>>>>>

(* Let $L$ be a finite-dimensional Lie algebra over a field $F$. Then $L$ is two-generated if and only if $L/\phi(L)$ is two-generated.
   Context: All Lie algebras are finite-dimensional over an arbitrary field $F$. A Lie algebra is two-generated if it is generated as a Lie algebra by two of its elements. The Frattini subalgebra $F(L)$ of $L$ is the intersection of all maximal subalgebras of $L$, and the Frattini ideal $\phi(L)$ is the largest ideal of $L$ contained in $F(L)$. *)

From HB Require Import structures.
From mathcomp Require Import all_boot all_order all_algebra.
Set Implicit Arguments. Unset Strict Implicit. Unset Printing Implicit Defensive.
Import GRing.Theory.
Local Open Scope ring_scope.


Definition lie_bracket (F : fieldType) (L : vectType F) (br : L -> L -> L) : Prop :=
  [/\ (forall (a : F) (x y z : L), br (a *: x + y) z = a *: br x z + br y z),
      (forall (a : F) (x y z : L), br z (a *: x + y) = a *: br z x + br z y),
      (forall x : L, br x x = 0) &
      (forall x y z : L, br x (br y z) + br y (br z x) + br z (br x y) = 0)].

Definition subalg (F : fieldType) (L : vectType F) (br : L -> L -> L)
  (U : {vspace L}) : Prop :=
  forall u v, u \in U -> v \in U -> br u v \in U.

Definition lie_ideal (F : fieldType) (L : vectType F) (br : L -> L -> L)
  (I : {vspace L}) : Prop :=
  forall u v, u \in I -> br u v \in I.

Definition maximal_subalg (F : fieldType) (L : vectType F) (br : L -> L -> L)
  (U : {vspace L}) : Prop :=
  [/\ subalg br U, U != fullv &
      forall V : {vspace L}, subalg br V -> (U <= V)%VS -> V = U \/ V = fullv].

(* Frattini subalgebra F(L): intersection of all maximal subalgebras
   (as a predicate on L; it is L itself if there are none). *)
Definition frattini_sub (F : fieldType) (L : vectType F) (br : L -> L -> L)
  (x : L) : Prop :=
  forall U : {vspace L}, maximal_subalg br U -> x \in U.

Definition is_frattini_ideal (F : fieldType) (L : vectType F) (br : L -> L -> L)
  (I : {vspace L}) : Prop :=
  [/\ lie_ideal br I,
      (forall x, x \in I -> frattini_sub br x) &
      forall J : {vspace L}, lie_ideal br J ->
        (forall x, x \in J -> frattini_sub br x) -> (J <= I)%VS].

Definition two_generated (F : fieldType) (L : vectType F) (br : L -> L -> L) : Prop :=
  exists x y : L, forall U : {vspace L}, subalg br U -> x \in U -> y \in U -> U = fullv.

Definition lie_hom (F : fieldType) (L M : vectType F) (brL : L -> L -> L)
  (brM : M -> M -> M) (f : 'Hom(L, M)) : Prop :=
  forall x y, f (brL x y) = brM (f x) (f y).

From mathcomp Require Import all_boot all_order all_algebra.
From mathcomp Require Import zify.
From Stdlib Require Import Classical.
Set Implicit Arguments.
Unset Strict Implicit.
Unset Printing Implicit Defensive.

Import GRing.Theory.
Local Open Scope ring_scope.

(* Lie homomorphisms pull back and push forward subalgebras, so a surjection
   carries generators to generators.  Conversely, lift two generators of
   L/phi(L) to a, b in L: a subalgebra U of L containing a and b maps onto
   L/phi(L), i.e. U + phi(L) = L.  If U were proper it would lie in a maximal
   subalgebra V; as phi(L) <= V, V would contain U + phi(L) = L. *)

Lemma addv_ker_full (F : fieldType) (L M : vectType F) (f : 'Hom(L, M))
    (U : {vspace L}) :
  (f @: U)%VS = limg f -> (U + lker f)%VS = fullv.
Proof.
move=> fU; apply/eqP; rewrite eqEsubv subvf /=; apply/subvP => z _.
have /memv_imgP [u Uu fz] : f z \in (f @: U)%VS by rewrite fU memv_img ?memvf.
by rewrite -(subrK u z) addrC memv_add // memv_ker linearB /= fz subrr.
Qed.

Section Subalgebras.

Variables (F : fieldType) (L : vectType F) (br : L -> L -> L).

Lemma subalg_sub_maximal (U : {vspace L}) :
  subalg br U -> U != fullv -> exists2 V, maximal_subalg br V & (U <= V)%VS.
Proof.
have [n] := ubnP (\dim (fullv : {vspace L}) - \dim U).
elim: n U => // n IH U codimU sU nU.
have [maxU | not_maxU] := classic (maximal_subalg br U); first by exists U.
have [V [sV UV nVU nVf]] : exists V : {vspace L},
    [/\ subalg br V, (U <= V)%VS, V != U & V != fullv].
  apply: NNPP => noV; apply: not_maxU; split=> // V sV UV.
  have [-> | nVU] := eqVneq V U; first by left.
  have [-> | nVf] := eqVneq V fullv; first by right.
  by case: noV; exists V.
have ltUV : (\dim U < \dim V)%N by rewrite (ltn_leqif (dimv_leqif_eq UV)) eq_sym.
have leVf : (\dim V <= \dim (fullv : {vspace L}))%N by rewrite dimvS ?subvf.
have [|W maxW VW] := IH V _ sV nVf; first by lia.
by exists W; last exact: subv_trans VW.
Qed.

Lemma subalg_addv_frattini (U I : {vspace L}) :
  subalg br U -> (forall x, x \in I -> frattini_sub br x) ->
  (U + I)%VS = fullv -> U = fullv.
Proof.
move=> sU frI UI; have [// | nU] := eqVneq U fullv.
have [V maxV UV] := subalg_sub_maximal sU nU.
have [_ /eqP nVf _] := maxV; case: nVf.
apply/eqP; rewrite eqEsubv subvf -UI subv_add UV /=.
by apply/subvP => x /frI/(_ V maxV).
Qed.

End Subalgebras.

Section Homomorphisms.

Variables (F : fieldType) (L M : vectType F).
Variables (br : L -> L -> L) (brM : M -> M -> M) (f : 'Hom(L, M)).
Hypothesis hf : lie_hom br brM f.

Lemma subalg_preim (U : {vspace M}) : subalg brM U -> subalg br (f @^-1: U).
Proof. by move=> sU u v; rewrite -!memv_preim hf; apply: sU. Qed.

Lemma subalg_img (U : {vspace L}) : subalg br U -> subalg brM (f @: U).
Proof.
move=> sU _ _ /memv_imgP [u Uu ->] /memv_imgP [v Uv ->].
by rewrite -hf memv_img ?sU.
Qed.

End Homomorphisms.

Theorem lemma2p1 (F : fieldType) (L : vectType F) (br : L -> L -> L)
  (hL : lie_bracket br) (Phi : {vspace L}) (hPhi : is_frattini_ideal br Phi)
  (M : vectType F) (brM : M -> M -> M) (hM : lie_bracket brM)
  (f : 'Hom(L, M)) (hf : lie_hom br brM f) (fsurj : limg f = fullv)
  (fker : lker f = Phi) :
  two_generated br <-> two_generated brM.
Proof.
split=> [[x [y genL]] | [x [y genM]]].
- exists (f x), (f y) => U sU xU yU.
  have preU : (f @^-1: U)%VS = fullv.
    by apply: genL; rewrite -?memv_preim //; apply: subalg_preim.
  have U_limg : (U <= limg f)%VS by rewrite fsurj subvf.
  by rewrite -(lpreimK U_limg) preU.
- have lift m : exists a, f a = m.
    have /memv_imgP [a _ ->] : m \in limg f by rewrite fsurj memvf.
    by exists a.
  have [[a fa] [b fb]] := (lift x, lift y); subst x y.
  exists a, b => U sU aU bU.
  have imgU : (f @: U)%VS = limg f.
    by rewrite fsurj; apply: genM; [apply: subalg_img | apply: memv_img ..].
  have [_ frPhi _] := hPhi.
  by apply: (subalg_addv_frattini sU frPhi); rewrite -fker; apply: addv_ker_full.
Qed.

<<<<<

WHAT TO DO: Transcribe each line of the data above, unaltered, from the one where "(forall x, x \in I -> frattini_sub br x) &" appears to the one where "Definition two_generated (F" appears, inclusive of both.

ANSWER SECTION:
      (forall x, x \in I -> frattini_sub br x) &
      forall J : {vspace L}, lie_ideal br J ->
        (forall x, x \in J -> frattini_sub br x) -> (J <= I)%VS].

Definition two_generated (F : fieldType) (L : vectType F) (br : L -> L -> L) : Prop :=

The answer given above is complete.